- YOUR OBJECTIVE:
Say how many lines below hold the word "delta"; give the number by itself.

- GIVEN RECORDS:
(* If h is constant, then g t = g a + RInt f a t, so t |-> g t (mu t) has derivative
   f t (mu t) + g t (mu' t) and the integral is g b (mu b) - g a (mu a) = 0.  Differentiating
   this composite needs the family (f t) to be equicontinuous, which is the Banach-Steinhaus
   theorem on the Frechet space E, proved from Baire's theorem.  Conversely, testing with
   mu = phi e for a scalar phi vanishing at a and b and integrating by parts gives
   RInt (phi' * h(.) e) = 0 for all such phi, so h(.) e is constant by the du Bois-Reymond
   lemma. *)

From Stdlib Require Import Reals Lra Lia ClassicalEpsilon Classical FunctionalExtensionality.
From Coquelicot Require Import Coquelicot.
Open Scope R_scope.

Section FrechetAlgebra.

Variable E : Frechet.

Lemma Fadd0l (x : E) : Fadd Fzero x = x.
Proof. rewrite FaddC; apply Fadd0. Qed.

Lemma Fscal0 (x : E) : Fscal 0 x = Fzero.
Proof.
  assert (Hdouble : Fscal 0 x = Fadd (Fscal 0 x) (Fscal 0 x)).
  { rewrite <- FscalDl. f_equal. ring. }
  apply (f_equal (fun y => Fadd y (Fopp (Fscal 0 x)))) in Hdouble.
  rewrite FaddN, <- FaddA, FaddN, Fadd0 in Hdouble. symmetry; exact Hdouble.
Qed.

Lemma Fopp_scal (x : E) : Fopp x = Fscal (-1) x.
Proof.
  assert (H : Fadd (Fscal (-1) x) x = Fzero).
  { rewrite <- (Fscal1 _ x) at 2. rewrite <- FscalDl.
    replace (-1 + 1) with 0 by ring. apply Fscal0. }
  rewrite <- (Fadd0 _ (Fscal (-1) x)), <- (FaddN _ x), FaddA, H, Fadd0l.
  reflexivity.
Qed.

Lemma Fopp0 : Fopp (@Fzero E) = Fzero.
Proof. rewrite Fopp_scal, <- (Fscal0 Fzero), FscalA, Rmult_0_r. reflexivity. Qed.

Lemma Fsub_split (x y z : E) :
  Fadd z (Fopp x) = Fadd (Fadd z (Fopp y)) (Fadd y (Fopp x)).
Proof.
  rewrite <- FaddA, (FaddA _ (Fopp y)), (FaddC _ (Fopp y) y), FaddN, Fadd0l.
  reflexivity.
Qed.

Lemma FaddKl (x y : E) : Fadd (Fadd x y) (Fopp x) = y.
Proof. rewrite (FaddC _ x y), <- FaddA, FaddN, Fadd0. reflexivity. Qed.

Lemma FsubK (x y : E) : Fadd (Fadd x (Fopp y)) y = x.
Proof. rewrite <- FaddA, (FaddC _ (Fopp y) y), FaddN, Fadd0. reflexivity. Qed.

Lemma Fopp_sub (x y : E) : Fopp (Fadd x (Fopp y)) = Fadd y (Fopp x).
Proof.
  rewrite !Fopp_scal, FscalDr, FscalA.
  replace (-1 * -1) with 1 by ring. rewrite Fscal1, FaddC. reflexivity.
Qed.

Lemma Fscal_subl (c d : R) (e : E) :
  Fadd (Fscal c e) (Fopp (Fscal d e)) = Fscal (c - d) e.
Proof. rewrite Fopp_scal, FscalA, <- FscalDl. f_equal. ring. Qed.

Lemma dual0 (l : dual E) : l Fzero = 0.
Proof. rewrite <- (Fscal0 Fzero), dfun_scal. ring. Qed.

Lemma dualB (l : dual E) (x y : E) : l (Fadd x (Fopp y)) = l x - l y.
Proof. rewrite dfun_add, Fopp_scal, dfun_scal. ring. Qed.

End FrechetAlgebra.

Arguments Fscal0 {E}.

Fixpoint Fsemi_max {E : Frechet} (N : nat) (x : E) : R :=
  match N with
  | O => Fsemi 0 x
  | S N' => Rmax (Fsemi_max N' x) (Fsemi (S N') x)
  end.

Section SemiMax.

Variable E : Frechet.
Implicit Types (x y : E) (N : nat).

Lemma Fsemi_le_max N x n : (n <= N)%nat -> Fsemi n x <= Fsemi_max N x.
Proof.
  induction N as [|N IH]; intros Hn; simpl.
  - inversion Hn; lra.
  - inversion Hn; subst; [apply Rmax_r|].
    eapply Rle_trans; [apply IH; lia | apply Rmax_l].
Qed.

Lemma Fsemi_max_le N x d :
  (forall n, (n <= N)%nat -> Fsemi n x <= d) -> Fsemi_max N x <= d.
Proof.
  induction N as [|N IH]; intros H; simpl; [apply H; lia|].
  apply Rmax_lub; [apply IH; intros; apply H|apply H]; lia.
Qed.

Lemma Fsemi_max_lt N x d :
  (forall n, (n <= N)%nat -> Fsemi n x < d) -> Fsemi_max N x < d.
Proof.
  induction N as [|N IH]; intros H; simpl; [apply H; lia|].
  apply Rmax_lub_lt; [apply IH; intros; apply H|apply H]; lia.
Qed.

Lemma Fsemi_max_ge0 N x : 0 <= Fsemi_max N x.
Proof.
  eapply Rle_trans; [apply (Fsemi_nonneg _ 0 x)|].
  apply Fsemi_le_max; lia.
Qed.

Lemma le_Fsemi_max N M x : (N <= M)%nat -> Fsemi_max N x <= Fsemi_max M x.
Proof. intros H. apply Fsemi_max_le; intros; apply Fsemi_le_max; lia. Qed.

Lemma Fsemi_max_triangle N x y :
  Fsemi_max N (Fadd x y) <= Fsemi_max N x + Fsemi_max N y.
Proof.
  apply Fsemi_max_le; intros n Hn.
  eapply Rle_trans; [apply Fsemi_triangle|].
  apply Rplus_le_compat; apply Fsemi_le_max; assumption.
Qed.

Lemma Fsemi_max_scal N c x : Fsemi_max N (Fscal c x) = Rabs c * Fsemi_max N x.
Proof.
  induction N as [|N IH]; simpl; [apply Fsemi_scal|].
  rewrite IH, Fsemi_scal. apply RmaxRmult, Rabs_pos.
Qed.

Lemma Fsemi_max0 N : Fsemi_max N (@Fzero E) = 0.
Proof. rewrite <- (Fscal0 Fzero), Fsemi_max_scal, Rabs_R0. ring. Qed.

Lemma Fsemi_subC n x y : Fsemi n (Fadd x (Fopp y)) = Fsemi n (Fadd y (Fopp x)).
Proof. rewrite <- Fopp_sub, (Fopp_scal _ (Fadd y (Fopp x))), Fsemi_scal, Rabs_left by lra. ring. Qed.

Lemma Fball_Fsemi_max (x : E) N d y :
  Fball x N d y <-> Fsemi_max N (Fadd y (Fopp x)) < d.
Proof.
  split; intros H.
  - apply Fsemi_max_lt; assumption.
  - intros n Hn. eapply Rle_lt_trans; [apply Fsemi_le_max; eassumption|assumption].
Qed.

End SemiMax.

Definition cont_on (a b : R) (k : R -> R) : Prop :=
  forall t, a <= t <= b -> forall eps, 0 < eps -> exists delta, 0 < delta /\
    forall s, a <= s <= b -> Rabs (s - t) < delta -> Rabs (k s - k t) < eps.

Definition is_deriv_on (a b : R) (k k' : R -> R) : Prop :=
  forall t, a <= t <= b -> forall eps, 0 < eps -> exists delta, 0 < delta /\
    forall s, a <= s <= b -> Rabs (s - t) < delta ->
      Rabs (k s - k t - (s - t) * k' t) <= eps * Rabs (s - t).

Lemma wstar_cont_on_eval (E : Frechet) a b (f : R -> dual E) (x : E) :
  wstar_cont_on a b f -> cont_on a b (fun s => f s x).
Proof. intros H t ht eps heps. apply H; assumption. Qed.

(* Extending by constants outside [a, b] lets us use the library on all of R. *)
Definition clamp (a b t : R) := Rmax a (Rmin b t).

Lemma clamp_in a b t : a <= b -> a <= clamp a b t <= b.
Proof. intros. unfold clamp, Rmax, Rmin. repeat destruct Rle_dec; lra. Qed.

Lemma clamp_id a b t : a <= t <= b -> clamp a b t = t.
Proof. intros. unfold clamp, Rmax, Rmin. repeat destruct Rle_dec; lra. Qed.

- OUTPUT BELOW:
4